Supplied information below:
Lemma evalM_perm (R : realType) d k (p : {mpoly R[d * k]}) (s : 'S_d) X :
  evalM p (perm_mx s *m X) = evalM (msym (mxvec_row_perm k s) p) X.
Proof.
rewrite /evalM meval_msym -row_permE; apply: meval_eq => i.
by case/mxvec_indexP: i => r c; rewrite mxvec_row_permE !mxvecE mxE.
Qed.

Lemma inv_poly_leE (R : realType) d k m (p : {mpoly R[d * k]}) :
  inv_poly_le m p <-> (msize p <= m.+1)%N /\ forall s, msym (mxvec_row_perm k s) p = p.
Proof.
rewrite /inv_poly_le; split=> -[size_p inv_p]; split => // s; last first.
  by move=> X; rewrite evalM_perm inv_p.
apply/eqP; rewrite -subr_eq0; apply/eqP/mpoly_eq0_meval => v.
pose X : 'M[R]_(d, k) := vec_mx (\row_i v i).
have eq_v : (fun i => mxvec X 0 i) =1 v by move=> i; rewrite vec_mxK mxE.
by have := inv_p s X; rewrite evalM_perm /evalM !(meval_eq _ eq_v) mevalB => ->; rewrite subrr.
Qed.

Section OrbitSums.
Variables (R : nzRingType) (n b : nat) (G : Type) (act : G -> 'S_n).
Variables (K : eqType) (key : 'X_{1..n} -> K) (E : seq K).
Implicit Types (m : 'X_{1..n}) (p : {mpoly R[n]}).

Local Notation "m # s" := [multinom m (s i) | i < n]
  (at level 40, left associativity, format "m # s").

Hypotheses (uniq_E : uniq E)
  (key_act : forall m g, key (m # act g) = key m)
  (key_orbit : forall m m', key m = key m' -> exists g, m' = m # act g)
  (mem_key : forall m, (key m \in E) = (mdeg m < b)%N)
  (key_onto : forall e, e \in E -> exists m, key m == e).

Definition invariant_le (p : {mpoly R[n]}) :=
  (msize p <= b)%N /\ forall g, msym (act g) p = p.

Definition orbit_sum (e : K) : {mpoly R[n]} :=
  \sum_(m : 'X_{1..n < b}) (key m == e)%:R *: 'X_[m].

Lemma mcoeff_orbit_sum e m : e \in E -> (orbit_sum e)@_m = (key m == e)%:R.
Proof.
move=> e_E; rewrite raddf_sum /=.
under eq_bigr do rewrite mcoeffZ mcoeffX.
have [lt_mb|le_bm] := ltnP (mdeg m) b.
  rewrite (bigD1 (BMultinom lt_mb)) //= eqxx mulr1 big1 ?addr0 // => m' ne_m'.
  suff /negbTE-> : bmnm m' != m by rewrite mulr0.
  by apply: contra ne_m' => /eqP eq_m'; rewrite bmeqP /= eq_m'.
rewrite big1 => [|m' _]; last first.
  have /negbTE-> : bmnm m' != m by apply: contraTneq (bmdeg m') => ->; rewrite -leqNgt.
  by rewrite mulr0.
by case: eqP => // eq_m; rewrite leqNgt -mem_key eq_m e_E in le_bm.
Qed.

Lemma orbit_sum_invariant e : e \in E -> invariant_le (orbit_sum e).
Proof.
move=> e_E; split => [|g].
  rewrite msizeE; apply/bigmax_leqP_seq => m; rewrite mcoeff_msupp mcoeff_orbit_sum //.
  by case: (key m =P e) => [eq_key _ _|_]; rewrite ?eqxx // -mem_key eq_key.
by apply/mpolyP => m; rewrite mcoeff_sym !mcoeff_orbit_sum // key_act.
Qed.

Local Notation E_ := (tnth (in_tuple E)).

Lemma mcoeff_orbit_comb (c : 'I_(size E) -> R) i m : key m = E_ i ->
  (\sum_j c j *: orbit_sum (E_ j))@_m = c i.
Proof.
move=> key_m; rewrite raddf_sum (bigD1 i) //= big1 ?addr0 => [|j ne_ji].
  by rewrite mcoeffZ mcoeff_orbit_sum ?mem_tnth // key_m eqxx mulr1.
rewrite mcoeffZ mcoeff_orbit_sum ?mem_tnth // key_m.
by rewrite (inj_eq (@tuple_uniqP _ _ (in_tuple E) uniq_E)) eq_sym (negbTE ne_ji) mulr0.
Qed.

Lemma mcoeff_orbit_comb_out (c : 'I_(size E) -> R) m : key m \notin E ->
  (\sum_j c j *: orbit_sum (E_ j))@_m = 0.
Proof.
move=> key_m; rewrite raddf_sum big1 // => j _ /=.
rewrite mcoeffZ mcoeff_orbit_sum ?mem_tnth //.
case: (key m =P E_ j) => [eq_key|_]; last by rewrite mulr0.
by rewrite eq_key mem_tnth in key_m.
Qed.

Lemma has_dim_orbit_sums : has_dim invariant_le (size E).
Proof.
have rep i : {m | key m = E_ i}.
  by have /key_onto/sigW[m /eqP] := mem_tnth i (in_tuple E); exists m.
exists (fun i => orbit_sum (E_ i)); split.
- by move=> i; apply/orbit_sum_invariant/mem_tnth.
- move=> c sum0 i; have /(congr1 (mcoeff (sval (rep i)))) := sum0.
  by rewrite mcoeff0 (mcoeff_orbit_comb _ (svalP (rep i))).
move=> p [size_p inv_p]; exists (fun i => p@_(sval (rep i))); apply/mpolyP => m.
have [/(tnthP (in_tuple E))[i key_m]|key_m] := boolP (key m \in E).
  rewrite (mcoeff_orbit_comb _ key_m).
  have [g ->] := key_orbit (etrans (svalP (rep i)) (esym key_m)).
  by rewrite -mcoeff_sym inv_p.
rewrite mcoeff_orbit_comb_out //; apply/memN_msupp_eq0/msize_mdeg_ge.
by apply: leq_trans size_p _; rewrite leqNgt -mem_key.
Qed.

End OrbitSums.

Lemma has_dim_eq (R : pzRingType) (V : lmodType R) (S S' : V -> Prop) N :
  (forall v, S v <-> S' v) -> has_dim S N -> has_dim S' N.
Proof.
move=> eq_S [B [B_S free_B span_B]]; exists B; split => // [i|v /eq_S]; first exact/eq_S.
exact: span_B.
Qed.

Theorem mainTheorem6 (R : realType) (d k m : nat) :
  (m <= d)%N ->
  has_dim (@inv_poly_le R d k m)
    (\sum_(0 <= j < m.+1) \sum_(a <- partitions j)
        \prod_(1 <= i < j.+1)
          'C('C(i + k - 1, i) + mult i a - 1, mult i a))%N.
Proof.
move=> le_md; rewrite -size_row_types.
apply: has_dim_eq (fun p => iff_sym (inv_poly_leE m p)) _.
apply: (@has_dim_orbit_sums _ _ _ _ _ _ (fun mo => row_type k (mrows mo))).
- exact: uniq_row_types.
- by move=> mo s; apply/row_type_perm/perm_mrows_act.
- move=> mo mo' /row_type_inj eq_mo; apply: perm_mrows; rewrite perm_sym.
  by apply: eq_mo; rewrite ?size_mrows ?has_width_mrows.
- by move=> mo; rewrite row_type_mem ?has_width_mrows // -mdeg_mrows ltnS.
- move=> t /(row_type_surj le_md)[Rs [size_Rs width_Rs <-]].
  by have [mo <-] := mrows_surj size_Rs width_Rs; exists mo.
Qed.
End of Supplied information.
Output all of the entries without altering a single word.

Lemma evalM_perm (R : realType) d k (p : {mpoly R[d * k]}) (s : 'S_d) X :
  evalM p (perm_mx s *m X) = evalM (msym (mxvec_row_perm k s) p) X.
Proof.
rewrite /evalM meval_msym -row_permE; apply: meval_eq => i.
by case/mxvec_indexP: i => r c; rewrite mxvec_row_permE !mxvecE mxE.
Qed.

Lemma inv_poly_leE (R : realType) d k m (p : {mpoly R[d * k]}) :
  inv_poly_le m p <-> (msize p <= m.+1)%N /\ forall s, msym (mxvec_row_perm k s) p = p.
Proof.
rewrite /inv_poly_le; split=> -[size_p inv_p]; split => // s; last first.
  by move=> X; rewrite evalM_perm inv_p.
apply/eqP; rewrite -subr_eq0; apply/eqP/mpoly_eq0_meval => v.
pose X : 'M[R]_(d, k) := vec_mx (\row_i v i).
have eq_v : (fun i => mxvec X 0 i) =1 v by move=> i; rewrite vec_mxK mxE.
by have := inv_p s X; rewrite evalM_perm /evalM !(meval_eq _ eq_v) mevalB => ->; rewrite subrr.
Qed.

Section OrbitSums.
Variables (R : nzRingType) (n b : nat) (G : Type) (act : G -> 'S_n).
Variables (K : eqType) (key : 'X_{1..n} -> K) (E : seq K).
Implicit Types (m : 'X_{1..n}) (p : {mpoly R[n]}).

Local Notation "m # s" := [multinom m (s i) | i < n]
  (at level 40, left associativity, format "m # s").

Hypotheses (uniq_E : uniq E)
  (key_act : forall m g, key (m # act g) = key m)
  (key_orbit : forall m m', key m = key m' -> exists g, m' = m # act g)
  (mem_key : forall m, (key m \in E) = (mdeg m < b)%N)
  (key_onto : forall e, e \in E -> exists m, key m == e).

Definition invariant_le (p : {mpoly R[n]}) :=
  (msize p <= b)%N /\ forall g, msym (act g) p = p.

Definition orbit_sum (e : K) : {mpoly R[n]} :=
  \sum_(m : 'X_{1..n < b}) (key m == e)%:R *: 'X_[m].

Lemma mcoeff_orbit_sum e m : e \in E -> (orbit_sum e)@_m = (key m == e)%:R.
Proof.
move=> e_E; rewrite raddf_sum /=.
under eq_bigr do rewrite mcoeffZ mcoeffX.
have [lt_mb|le_bm] := ltnP (mdeg m) b.
  rewrite (bigD1 (BMultinom lt_mb)) //= eqxx mulr1 big1 ?addr0 // => m' ne_m'.
  suff /negbTE-> : bmnm m' != m by rewrite mulr0.
  by apply: contra ne_m' => /eqP eq_m'; rewrite bmeqP /= eq_m'.
rewrite big1 => [|m' _]; last first.
  have /negbTE-> : bmnm m' != m by apply: contraTneq (bmdeg m') => ->; rewrite -leqNgt.
  by rewrite mulr0.
by case: eqP => // eq_m; rewrite leqNgt -mem_key eq_m e_E in le_bm.
Qed.

Lemma orbit_sum_invariant e : e \in E -> invariant_le (orbit_sum e).
Proof.
move=> e_E; split => [|g].
  rewrite msizeE; apply/bigmax_leqP_seq => m; rewrite mcoeff_msupp mcoeff_orbit_sum //.
  by case: (key m =P e) => [eq_key _ _|_]; rewrite ?eqxx // -mem_key eq_key.
by apply/mpolyP => m; rewrite mcoeff_sym !mcoeff_orbit_sum // key_act.
Qed.

Local Notation E_ := (tnth (in_tuple E)).

Lemma mcoeff_orbit_comb (c : 'I_(size E) -> R) i m : key m = E_ i ->
  (\sum_j c j *: orbit_sum (E_ j))@_m = c i.
Proof.
move=> key_m; rewrite raddf_sum (bigD1 i) //= big1 ?addr0 => [|j ne_ji].
  by rewrite mcoeffZ mcoeff_orbit_sum ?mem_tnth // key_m eqxx mulr1.
rewrite mcoeffZ mcoeff_orbit_sum ?mem_tnth // key_m.
by rewrite (inj_eq (@tuple_uniqP _ _ (in_tuple E) uniq_E)) eq_sym (negbTE ne_ji) mulr0.
Qed.

Lemma mcoeff_orbit_comb_out (c : 'I_(size E) -> R) m : key m \notin E ->
  (\sum_j c j *: orbit_sum (E_ j))@_m = 0.
Proof.
move=> key_m; rewrite raddf_sum big1 // => j _ /=.
rewrite mcoeffZ mcoeff_orbit_sum ?mem_tnth //.
case: (key m =P E_ j) => [eq_key|_]; last by rewrite mulr0.
by rewrite eq_key mem_tnth in key_m.
Qed.

Lemma has_dim_orbit_sums : has_dim invariant_le (size E).
Proof.
have rep i : {m | key m = E_ i}.
  by have /key_onto/sigW[m /eqP] := mem_tnth i (in_tuple E); exists m.
exists (fun i => orbit_sum (E_ i)); split.
- by move=> i; apply/orbit_sum_invariant/mem_tnth.
- move=> c sum0 i; have /(congr1 (mcoeff (sval (rep i)))) := sum0.
  by rewrite mcoeff0 (mcoeff_orbit_comb _ (svalP (rep i))).
move=> p [size_p inv_p]; exists (fun i => p@_(sval (rep i))); apply/mpolyP => m.
have [/(tnthP (in_tuple E))[i key_m]|key_m] := boolP (key m \in E).
  rewrite (mcoeff_orbit_comb _ key_m).
  have [g ->] := key_orbit (etrans (svalP (rep i)) (esym key_m)).
  by rewrite -mcoeff_sym inv_p.
rewrite mcoeff_orbit_comb_out //; apply/memN_msupp_eq0/msize_mdeg_ge.
by apply: leq_trans size_p _; rewrite leqNgt -mem_key.
Qed.

End OrbitSums.

Lemma has_dim_eq (R : pzRingType) (V : lmodType R) (S S' : V -> Prop) N :
  (forall v, S v <-> S' v) -> has_dim S N -> has_dim S' N.
Proof.
move=> eq_S [B [B_S free_B span_B]]; exists B; split => // [i|v /eq_S]; first exact/eq_S.
exact: span_B.
Qed.

Theorem mainTheorem6 (R : realType) (d k m : nat) :
  (m <= d)%N ->
  has_dim (@inv_poly_le R d k m)
    (\sum_(0 <= j < m.+1) \sum_(a <- partitions j)
        \prod_(1 <= i < j.+1)
          'C('C(i + k - 1, i) + mult i a - 1, mult i a))%N.
Proof.
move=> le_md; rewrite -size_row_types.
apply: has_dim_eq (fun p => iff_sym (inv_poly_leE m p)) _.
apply: (@has_dim_orbit_sums _ _ _ _ _ _ (fun mo => row_type k (mrows mo))).
- exact: uniq_row_types.
- by move=> mo s; apply/row_type_perm/perm_mrows_act.
- move=> mo mo' /row_type_inj eq_mo; apply: perm_mrows; rewrite perm_sym.
  by apply: eq_mo; rewrite ?size_mrows ?has_width_mrows.
- by move=> mo; rewrite row_type_mem ?has_width_mrows // -mdeg_mrows ltnS.
- move=> t /(row_type_surj le_md)[Rs [size_Rs width_Rs <-]].
  by have [mo <-] := mrows_surj size_Rs width_Rs; exists mo.
Qed.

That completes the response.